== About this exercise ==
Reproduce exactly, from the data that follows, the line with "apply: mx_ext =>", the line with "exact: hequiv_trans (tens_unit", and every line that lies between them.

[Start of Attachment]

Definition phi : gen torus_split -> gen torus_trefoil -> F := fun v o =>
  let i := nat_of_ord o.1 in let t := nat_of_ord o.2 in
  (match v with
   | inl r => [|| (t == 0) && (r == i :> nat),
                  (i == m) && (t == 1) && (r == m.+1 :> nat),
                  (i == m) && (t == 2) && (r == m.+2 :> nat),
                  (i < m) && (t == 1) && ~~ odd i && (r == i.+1 :> nat),
                  (i.+2 <= m) && (t == 2) && (r == i.+2 :> nat) |
                  (i.+1 == m) && (t == 2) && (r == m.+1 :> nat)]
   | inr (s, u) => (i == s) && (if u then t == 2 else t == 1)
   end)%:R.

Lemma filtered_psi : filtered torus_split torus_trefoil 0 psi.
Proof.
move=> [[i ?] [[|[|[|//]]] ?]] [[r ?]|[[s ?] []]] /natrb_neq0 /= ?; exists 0%R; split; lia.
Qed.

Lemma filtered_phi : filtered torus_trefoil torus_split 0 phi.
Proof.
move=> [[r ?]|[[s ?] []]] [[i ?] [[|[|[|//]]] ?]] /natrb_neq0 /= ?; exists 0%R; split; lia.
Qed.

Lemma psi_colE : psi = colm psi_col.
Proof.
apply: mx_ext; case_torus_trefoil_gen; case_torus_split_gen;
  rewrite /psi /psi_col; F2_normalize; F2_parity.
Qed.

Lemma phi_colE : phi = colm phi_col.
Proof.
apply: mx_ext; case_torus_split_gen; case_torus_trefoil_gen;
  rewrite /phi /phi_col; F2_normalize; F2_parity.
Qed.

Lemma dif_torus_split : dif torus_split = colm dN_col.
Proof.
apply: mx_ext; case_torus_split_gen; case_torus_split_gen;
  rewrite /dN_col; F2_normalize; F2_parity.
Qed.

Lemma phi_psi : mulm phi psi = onem.
Proof.
rewrite psi_colE mulm_colm; apply: mx_ext; case_torus_split_gen; case_torus_split_gen;
  rewrite /psi_col /phi; F2_normalize; F2_parity.
Qed.

Lemma psi_phi : mulm psi phi = onem.
Proof.
rewrite phi_colE mulm_colm; apply: mx_ext; case_torus_trefoil_gen; case_torus_trefoil_gen;
  rewrite /phi_col /psi; F2_normalize; F2_parity.
Qed.

Lemma psi_chain : mulm psi (dif torus_split) = mulm (dif torus_trefoil) psi.
Proof.
rewrite dif_torus_split [in RHS]psi_colE !mulm_colm.
apply: mx_ext => -[[i ?] [[|[|[|//]]] ?]] [[r ?]|[[r ?] []]];
  rewrite /dN_col /psi_col /psi; F2_normalize; F2_parity_split i r.
Qed.

End TorusTimesTrefoil.

Lemma torus_trefoil_split K :
  hequiv (tens (torus2 K.+1) trefoil) (dsum (torus2 K.+2) (tens (stair K.+1.*2 K.+1) arrow)).
Proof.
exact: hequiv_sym (hequiv_of_iso (@filtered_psi K) (@filtered_phi K) (@psi_chain K)
  (@phi_psi K) (@psi_phi K)).
Qed.

Lemma nT23_split n : exists A, [/\ cfk A, contractible A &
  hequiv (CFK_nT23 n.+1) (dsum (CFK_T2 n.+1) A)].
Proof.
elim: n => [|n [A [cfkA contrA eqA]]].
  exists empty_cx; split; [exact: cfk_empty | exact: contractible_empty |].
  exact: hequiv_trans (tens_unit _) (dsum_empty _).
exists (dsum (tens (stair n.+1.*2 n.+1) arrow) (tens A trefoil)); split.
- exact: cfk_dsum (cfk_tens (cfk_stair _ _) cfk_arrow) (cfk_tens cfkA (cfk_stair _ _)).
- exact: contractible_dsum (contractible_tensr _ contractible_arrow)
    (contractible_tensl _ contrA).
- apply: hequiv_trans (hequiv_tensl trefoil eqA) _.
  apply: hequiv_trans (tens_dsumDl _ _ _) _.
  apply: hequiv_trans (hequiv_dsuml _ (torus_trefoil_split n)) _.
  exact: dsumA.
Qed.

Lemma mnT23_dual n : hequiv (CFK_mnT23 n) (dual (CFK_nT23 n)).
Proof.
elim: n => [|n IH]; first exact: dual_unit.
exact: hequiv_trans (hequiv_tensl (dual trefoil) IH) (dual_tens _ _).
Qed.

Lemma mnT23_split n : exists A, [/\ cfk A, contractible A &
  hequiv (CFK_mnT23 n.+1) (dsum (CFK_mT2 n.+1) A)].
Proof.
have [A [cfkA contrA eqA]] := nT23_split n.
exists (dual A); split; [exact: cfk_dual | exact: contractible_dual |].
exact: hequiv_trans (hequiv_trans (mnT23_dual _) (hequiv_dual eqA)) (dual_dsum _ _).
Qed.

Theorem lemma7p2 (n : nat) (hn : (0 < n)%N) :
  (exists A : fcomplex, [/\ is_cfk A, acyclic A &
     filt_htpy_equiv (CFK_nT23 n) (dsum (CFK_T2 n) A)]) /\
  (exists A : fcomplex, [/\ is_cfk A, acyclic A &
     filt_htpy_equiv (CFK_mnT23 n) (dsum (CFK_mT2 n) A)]).
Proof.
case: n hn => // n _; split.
- have [A [cfkA contrA eqA]] := nT23_split n.
  by exists A; split; [apply: cfkP | apply: contractible_acyclic | apply: hequivP].
- have [A [cfkA contrA eqA]] := mnT23_split n.
  by exists A; split; [apply: cfkP | apply: contractible_acyclic | apply: hequivP].
Qed.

[End of Attachment]

== Response below ==
apply: mx_ext => -[[i ?] [[|[|[|//]]] ?]] [[r ?]|[[r ?] []]];
  rewrite /dN_col /psi_col /psi; F2_normalize; F2_parity_split i r.
Qed.

End TorusTimesTrefoil.

Lemma torus_trefoil_split K :
  hequiv (tens (torus2 K.+1) trefoil) (dsum (torus2 K.+2) (tens (stair K.+1.*2 K.+1) arrow)).
Proof.
exact: hequiv_sym (hequiv_of_iso (@filtered_psi K) (@filtered_phi K) (@psi_chain K)
  (@phi_psi K) (@psi_phi K)).
Qed.

Lemma nT23_split n : exists A, [/\ cfk A, contractible A &
  hequiv (CFK_nT23 n.+1) (dsum (CFK_T2 n.+1) A)].
Proof.
elim: n => [|n [A [cfkA contrA eqA]]].
  exists empty_cx; split; [exact: cfk_empty | exact: contractible_empty |].
  exact: hequiv_trans (tens_unit _) (dsum_empty _).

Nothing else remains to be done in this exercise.